Any other suggestions? Would it be worth installing a new hard drive?


Well, to answer that with any level of confidence, we need to view the report.


If you post tt here using the instructions in the User Tip I linked, we can see if the "failing" flag is due to real elderly mech-drive issues or caused by unneeded third-party software. I've seen several posts here where removing one over-advertised so-called "cleaning" app improved hard drive performance on drives that were initially flagged as "failing" due to slow speeds.


That's the beauty of EtreCheck. It shows real data that can point to real solutions that may not require binning the computer just yet. Our 2011 is unencumbered by any third-party fear-ware and its drive still posts healthy scores when I run EtreCheck on it.


Etrecheck's developer carefully designed the app to scrub any personal or secure date from your report before posting it here. It is our single best tool for effective helping in this text-based setting.


I said earlier that accessing the hard drive required "gutting" the computer. Not correct. My apologies—I was thinking of the hard drive FAN in that model. Still, safely removing the display is not a trivial task. Replacing the existing hard drive with a quality† SATA 6GB solid state drive would increase your data transfer speed to 500±40MB/sec. If your current mech drive is healthy, its max transfer speeds are limited about 110MB/sec. In my little quiz in my first response, the answers to the first two questions will change from "yes" to "Heck no!" The internal SSD makes a stunning improvement in the user experience.

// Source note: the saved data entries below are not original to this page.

(* A point of the orthant box of side [h] is a convex combination of [y] and
   the vertices [y +- r e_i], with total weight [n h / r] on the vertices. *)
Lemma convex_fun_le_orthant_box f y (r h a b : R) (sg : 'I_n -> bool)
    (v : 'rV[R]_n) :
  convex_fun f -> 0 < r -> (f y <= a%:E)%E ->
  (forall i s, (f (vertex y r s i) <= b%:E)%E) ->
  (forall i, 0 <= v 0 i <= h) -> n%:R * h / r < 1 ->
  (f (y + signed sg v)%R <= (a + n%:R * h / r * `|b - a|)%:E)%E.
Proof.
move=> cf r0 fa fb vI nhr.
pose w i := v 0 i / r.
have w0 i : 0 <= w i by case/andP: (vI i) => v0 _; rewrite divr_ge0 // ltW.
have W0 : 0 <= \sum_(i < n) w i by apply: sumr_ge0.
have Wnhr : \sum_(i < n) w i <= n%:R * h / r.
  rewrite -mulr_suml ler_pM2r ?invr_gt0 //.
  apply: le_trans (ler_sum _ (fun i _ => proj2 (andP (vI i)))) _.
  by rewrite sumr_const card_ord mulr_natl.
have := @convex_fun_le_sum f _ (index_enum 'I_n) (fun i => sgn (sg i) r *: 'e_i)
  w y a b cf fa (fun i => fb i (sg i)) w0 (le_lt_trans Wnhr nhr).
have -> : signed sg v = \sum_(i < n) w i *: (sgn (sg i) r *: 'e_i).
  rewrite [LHS]row_sum_delta; apply: eq_bigr => i _.
  rewrite scalerA mxE /w /sgn; congr (_ *: _).
  by case: (sg i); field; rewrite gt_eqF.
move/le_trans; apply; rewrite lee_fin lerD2l.
apply: le_trans (ler_wpM2l W0 (ler_norm _)) _.
by apply: ler_wpM2r.
Qed.

End convex_functions.

Section convex_sets.
Context {R : realType}.

Definition rV_convex {n} (S : set 'rV[R]_n) : Prop :=
  forall a b (l : R), S a -> S b -> 0 < l < 1 -> S ((1 - l) *: a + l *: b).

Lemma convex_fun_sublevel n (f : 'rV[R]_n -> \bar R) (y : 'rV[R]_n) (a : R) :
  convex_fun f -> rV_convex [set w | (f (y + w)%R <= a%:E)%E].
Proof.
move=> cf w1 w2 l fw1 fw2 l01 /=.
have -> : y + ((1 - l) *: w1 + l *: w2) = (1 - l) *: (y + w1) + l *: (y + w2).
  by rewrite !scalerDr addrACA -scalerDl subrK scale1r.
apply: le_trans (convex_fun_le_comb _ _ _ _ _ _ cf l01 fw1 fw2) _.
by rewrite lee_fin; lra.
Qed.

Definition slice {k} (S : set 'rV[R]_(1 + k)) (b : bool) : set 'rV[R]_k :=
  [set y | exists2 t, 0 <= t & S (row_mx (\row_(_ < 1) sgn b t) y)].

Lemma slice_convex k (S : set 'rV[R]_(1 + k)) b :
  rV_convex S -> rV_convex (slice S b).
Proof.
move=> cS y1 y2 l [t1 t10 S1] [t2 t20 S2] l01; have /andP[l0 l1] := l01.
exists ((1 - l) * t1 + l * t2); first by nra.
have := cS _ _ l S1 S2 l01; rewrite !scale_row_mx add_row_mx.
congr (S (row_mx _ _)); apply/rowP => i; rewrite !mxE /sgn.
by case: (b); ring.
Qed.

(* If both slices contained [0], the segment between the two witnesses on the
   first axis would pass through [0]. *)
Lemma slice_notin0 k (S : set 'rV[R]_(1 + k)) :
  rV_convex S -> ~ S 0 -> exists b, ~ slice S b 0.
Proof.
move=> cS S0.
have [[t1 t10 S1]|] := pselect (slice S true 0); last by exists true.
have [[t2 t20 S2]|] := pselect (slice S false 0); last by exists false.
have row0 : row_mx (\row_(_ < 1) (0 : R)) (0 : 'rV[R]_k) = 0.
  by rewrite -row_mx0; congr row_mx; apply/rowP => i; rewrite !mxE.
have [t1_0|t1_neq0] := eqVneq t1 0; first by move: S1; rewrite /sgn t1_0 row0.
have [t2_0|t2_neq0] := eqVneq t2 0; first by move: S2; rewrite /sgn t2_0 oppr0 row0.
have t1_gt0 : 0 < t1 by rewrite lt_neqAle eq_sym t1_neq0.
have t2_gt0 : 0 < t2 by rewrite lt_neqAle eq_sym t2_neq0.
have t12 : t1 + t2 != 0 by rewrite gt_eqF ?addr_gt0.
exfalso; apply: S0; have := cS _ _ (t1 / (t1 + t2)) S1 S2.
rewrite !scale_row_mx add_row_mx !scaler0 addr0.
have -> : (1 - t1 / (t1 + t2)) *: \row_(_ < 1) sgn true t1 +
    t1 / (t1 + t2) *: \row_(_ < 1) sgn false t2 = \row_(_ < 1) (0 : R).
  by apply/rowP => i; rewrite !mxE /sgn; field.
rewrite row0; apply; rewrite divr_gt0 ?addr_gt0 //=.
by rewrite ltr_pdivrMr ?addr_gt0 // mul1r ltrDl.
Qed.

It's up to you to decide whether to make a significant drive upgrade on a 12-year old Mac whose OS cannot be upgraded past High Sierra and that may lose browser support in the next couple of years. From a hobby standpoint (I'm not a pro even thought one guy tried to pay me once) I am considering doing that to ours once we get Mrs AJ a new iMac.


I have selected this kit if I do it: https://eshop.macsales.com/item/OWC/KITIM11HE500/ . It includes tools, the bay adapter sled, and the all-important thermal sensor cable the keeps the fans from running at full tilt all the time. The only other thing you need is a cheap empty transfer drive enclosure to clone the old drive's contents to the the new SSD before you install it. I use this one left over from another project:


https://eshop.macsales.com/item/OWC/KITIM11HE500/


US$13 and works great.


Anyway I'd love to see the full report so we can get the full story and not send you on wild goose chases. Those of us who have read thousands of reports here can often spot important clues that a new EtreCheck user may miss.




† — most senior contributors here recommend only Crucial's MX series or the OWC Electra models like the one I linked. My 2012 Macbook Pro 13 has an Electra and it remains a pleasure to use. Can't use "pleasure" when it had the original mech drive which, evne new. was slower than the drive model in your iMac!